殷白不知自己昏昏沉沉躺了多久,出乎意料的,有史以來,他第一次度過了一個沒有夢境的睡眠。
這間地下室沒有時鐘,正是不知時間的流逝,殷白才覺得這裡的日子十分難熬。
他呆呆的坐在床上,指縫中的泥土已經幹涸,他開始情不自禁的想起陸望。
他的屍體就那樣草草的被埋在山坡上,連個墓碑也沒有,更無人祭拜,生前生後竟無一人關心他,如果他能從這裡走出去,他一定會為陸望立上墓碑。
“咕——”
殷白肚子響了,胃中發酸,他摸了摸自己的肚子,緩緩起身來到地下室門前,伸手拍打着門:
“有沒有人啊?爸,媽,别忘記給我送飯啊!”
半晌,無人回應,可他的肚子響的更厲害了,殷白無力的躺在了床上,看着昏暗的環境發呆。
“嗒——嗒——”
殷白耳尖動了動,是腳步聲,有人來了。
那腳步聲緩慢沉重,像是拖着腿在走一樣,寂靜的環境中,竟然讓人有些不寒而栗,透過門的縫隙,殷白看見有個黑色的影子停在了地下室門前。
看樣子似乎是個男性。
殷白來到門前,輕輕叩了叩門,“有人在嗎?”
片刻,門外那人不說話,門卻傳來了幾聲緩慢的叩門回應聲,殷白看着那黑色的影子,試探性問道:“是…是爸爸嗎?”

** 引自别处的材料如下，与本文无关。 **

(* Let $\mathcal{D}$ be a basic action theory of the situation calculus and let $\langle \mathcal{D}, \varphi, s\rangle$ be a causal setting. Then $$\mathcal{D}\models \forall a,a',ts,ts'.\; \mathit{CausesDir}(a,ts,\varphi,s)\land \mathit{CausesDir}(a',ts',\varphi,s)\supset a=a'\land ts=ts'.$$
   Context: Situation calculus: $S_0$ is the initial situation and $do(a,s)$ is the situation resulting from performing action $a$ in $s$. $s\sqsubset s'$ means $s'$ is reachable from $s$ by performing one or more actions, and $s\sqsubseteq s'$ abbreviates $s\sqsubset s'\lor s=s'$. $\mathit{Poss}(a,s)$ means $a$ is executable in $s$; $\mathit{Exec}(s)$ abbreviates $\forall a',s'.\,do(a',s')\sqsubseteq s\supset \mathit{Poss}(a',s')$ (in the temporal variant additionally $\mathit{start}(s')\le \mathit{time}(a')$). $s<s'$ abbreviates $s\sqsubset s'\land \mathit{Exec}(s')$, and $s\le s'$ abbreviates $s<s'\lor s=s'$. Situations carry time-stamps: $\mathit{timeStamp}(S_0)=0$ and $\mathit{timeStamp}(do(a,s))=\mathit{timeStamp}(s)+1$. For a situation-suppressed formula $\varphi$, $\varphi[s]$ denotes $\varphi$ with situation argument $s$ restored in all fluents. A causal setting $\langle\mathcal{D},\varphi,s\rangle$ consists of a ground situation $s$ and a situation-suppressed formula $\varphi$ with $\mathcal{D}\models \mathit{Exec}(s)\land\neg\varphi[S_0]\land\varphi[s]$. Direct (primary) cause: $$\mathit{CausesDir}(a,ts,\varphi,s)\doteq \exists s_a.\;\mathit{timeStamp}(s_a)=ts\land (S_0<do(a,s_a)\le s)\land\neg\varphi[s_a]\land\forall s'.(do(a,s_a)\le s'\le s\supset\varphi[s']).$$ *)

(* In every model of the foundational axioms Sigma of a basic action theory,
   situations form a tree isomorphic to finite action sequences rooted at S0;
   we therefore represent situations over an arbitrary action domain A by the
   inductive type [sit A].  The interpretation of Poss and of the
   situation-suppressed formula phi (a predicate on situations) are arbitrary,
   and "D |= ..." becomes quantification over all such interpretations. *)

Set Implicit Arguments.

Inductive sit (A : Type) : Type :=
| S0 : sit A
| do : A -> sit A -> sit A.
Arguments S0 {A}.

Section SitCalc.
Variable A : Type.
Variable Poss : A -> sit A -> Prop.

Inductive sqsub : sit A -> sit A -> Prop :=
| sqsub_do : forall a s, sqsub s (do a s)
| sqsub_step : forall a s s', sqsub s s' -> sqsub s (do a s').

Definition sqsubeq (s s' : sit A) : Prop := sqsub s s' \/ s = s'.

Definition Exec (s : sit A) : Prop :=
  forall a' s', sqsubeq (do a' s') s -> Poss a' s'.

Definition slt (s s' : sit A) : Prop := sqsub s s' /\ Exec s'.
Definition sle (s s' : sit A) : Prop := slt s s' \/ s = s'.

Fixpoint timeStamp (s : sit A) : nat :=
  match s with S0 => 0 | do _ s' => S (timeStamp s') end.

Definition causal_setting (phi : sit A -> Prop) (s : sit A) : Prop :=
  Exec s /\ ~ phi S0 /\ phi s.

Definition CausesDir (a : A) (ts : nat) (phi : sit A -> Prop) (s : sit A) : Prop :=
  exists sa, timeStamp sa = ts /\ slt S0 (do a sa) /\ sle (do a sa) s /\
    ~ phi sa /\ forall s', sle (do a sa) s' -> sle s' s -> phi s'.
End SitCalc.

Set Implicit Arguments.

(* Both situations [do a sa] and [do a' sa'] are prefixes of [s], hence one is a
   prefix of the other.  If, say, [do a sa] came strictly before [do a' sa'], then
   [sa'] would lie in the window between [do a sa] and the executable [s], where
   the first cause keeps [phi] true; but the second cause needs [~ phi sa'].  So
   the two situations coincide, which forces [a = a'] and [sa = sa'], hence equal
   time-stamps. *)

Section Prefixes.
Variable A : Type.
Variable Poss : A -> sit A -> Prop.

Lemma sqsub_trans (x y z : sit A) : sqsub x y -> sqsub y z -> sqsub x z.
Proof. intros Hxy Hyz; induction Hyz; constructor; auto. Qed.

Lemma sqsubeq_trans (x y z : sit A) : sqsubeq x y -> sqsubeq y z -> sqsubeq x z.
Proof.
  unfold sqsubeq; intros [Hxy | <-] [Hyz | <-]; auto.
  left; eapply sqsub_trans; eauto.
Qed.

Lemma sqsub_do_inv (x y : sit A) (b : A) : sqsub x (do b y) -> sqsubeq x y.
Proof. intros H; inversion H; subst; unfold sqsubeq; auto. Qed.

Lemma sqsub_sqsubeq_do (x y : sit A) (b : A) : sqsubeq (do b x) y -> sqsub x y.
Proof.
  intros [H | <-]; [eapply sqsub_trans; [constructor | exact H] | constructor].
Qed.

Lemma sqsubeq_total (s x y : sit A) :
  sqsubeq x s -> sqsubeq y s -> sqsub x y \/ x = y \/ sqsub y x.
Proof.
  revert x y; induction s as [| b s IH]; intros x y Hx Hy.
  - destruct Hx as [Hx | Hx], Hy as [Hy | Hy];
      solve [inversion Hx | inversion Hy | subst; auto].
  - destruct Hx as [Hx | Hx], Hy as [Hy | Hy]; subst.
    + exact (IH x y (sqsub_do_inv Hx) (sqsub_do_inv Hy)).
    + left; exact Hx.
    + right; right; exact Hy.
    + auto.
Qed.

Lemma Exec_sqsubeq (x y : sit A) : sqsubeq x y -> Exec Poss y -> Exec Poss x.
Proof. intros Hxy Hy a s' H; apply Hy; eapply sqsubeq_trans; eauto. Qed.

Lemma sle_sqsubeq (x y : sit A) : sle Poss x y -> sqsubeq x y.
Proof. intros [[H _] | H]; unfold sqsubeq; auto. Qed.

Lemma sle_of_prefix (s x y : sit A) :
  Exec Poss s -> sqsubeq x y -> sqsubeq y s -> sle Poss x y.
Proof.
  intros Hs [Hxy | <-] Hys; [left | right]; auto.
  split; [exact Hxy | exact (Exec_sqsubeq Hys Hs)].
Qed.

Lemma direct_causes_not_strictly_ordered (phi : sit A -> Prop) (s sa sa' : sit A)
    (a a' : A) :
  Exec Poss s -> sle Poss (do a' sa') s -> ~ phi sa' ->
  (forall s', sle Poss (do a sa) s' -> sle Poss s' s -> phi s') ->
  ~ sqsub (do a sa) (do a' sa').
Proof.
  intros Hs Hle Hnphi Hwindow Hlt.
  assert (Hsa's : sqsubeq sa' s)
    by (left; exact (sqsub_sqsubeq_do (sle_sqsubeq Hle))).
  apply Hnphi, Hwindow.
  - exact (sle_of_prefix Hs (sqsub_do_inv Hlt) Hsa's).
  - exact (sle_of_prefix Hs Hsa's (or_intror eq_refl)).
Qed.

End Prefixes.

Theorem lemma5p1 (A : Type) (Poss : A -> sit A -> Prop)
  (phi : sit A -> Prop) (s : sit A) :
  causal_setting Poss phi s ->
  forall (a a' : A) (ts ts' : nat),
    CausesDir Poss a ts phi s /\ CausesDir Poss a' ts' phi s ->
    a = a' /\ ts = ts'.
Proof.
  intros [Hs _] a a' ts ts'
    [[sa [<- [_ [Hle [Hnphi Hwindow]]]]] [sa' [<- [_ [Hle' [Hnphi' Hwindow']]]]]].
  destruct (sqsubeq_total (sle_sqsubeq Hle) (sle_sqsubeq Hle')) as [H | [H | H]].
  - exfalso; exact (direct_causes_not_strictly_ordered phi Hs Hle' Hnphi' Hwindow H).
  - injection H as -> ->; auto.
  - exfalso; exact (direct_causes_not_strictly_ordered phi Hs Hle Hnphi Hwindow' H).
Qed.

對方仍然不吱聲,隔着門,殷白感覺門的縫隙下正源源不斷的散發着冷氣,他的身上頓時起了一層雞皮疙瘩,他往後退了幾步,咽了口唾沫,不敢再問。
門外那人沒有消失,良久,他用緩慢而柔和的語氣說:“小白,别害怕,我是顧言啊。”
顧言?
殷白皺了皺眉,這人說話的速度很慢,聲音确實是顧言的不錯,可是怎麼感覺好像有點低沉?
“我聽說你被他們關到這裡了,我…我想來看看你。”顧言說。
“可是沒有鑰匙,你進不來的。”
“沒關系的小白,可以隔着門和你說說話,我已經很開心了…”
顧言的語氣似乎有些悲傷,不知是不是因為擔心殷白被關到這裡的緣故,殷白放下警惕,再次叩了叩門:“别擔心,我在這裡還好,現在是什麼時候了?”
顧言站在外邊,半天也沒有吱聲,良久,她才說:“我也不知道…應該是中午了。”
中午了?那對夫妻竟然不給他送飯,真是一對古怪的夫妻。
顧言像是知道他的心事,蹲下身說:“我給你帶了吃的,晚點會有飯菜送來的。”
殷白連忙蹲下身,隻見門縫下,顧言塞了一枚蛋黃派進來,殷白眼尖,他看到顧言手背的膚色竟然有些發青,血管也呈現出青紫色,像是被重傷了似的。
“顧言,你的手怎麼了?被什麼東西砸了嗎?”
“啊…昨天幫奶奶幹活,不小心被錘子砸了。”
“啊?沒事吧,去醫院了嗎?可千萬要照顧好自己呀。”
半晌,又是一段長時間的沉默,顧言再次開口,聲音竟然有些冷:“我沒事,小白不需要關心我,照顧好自己就可以了。”
…顧言好奇怪啊,說起話來一點都不像她了。
“小白,”突然,她的語氣再次恢複成了溫柔的她,她輕聲說:“我要走了。”
殷白撕開蛋黃派,一口咬上去,不忘問道:“你走了,還能來陪我聊天嗎?”
“來,小白,你放心,我每天都來。”
殷白輕輕叩了叩門,說:“那你來的時候,記得這樣敲三下門,讓我知道是你,有些話,我不敢對爸媽說。”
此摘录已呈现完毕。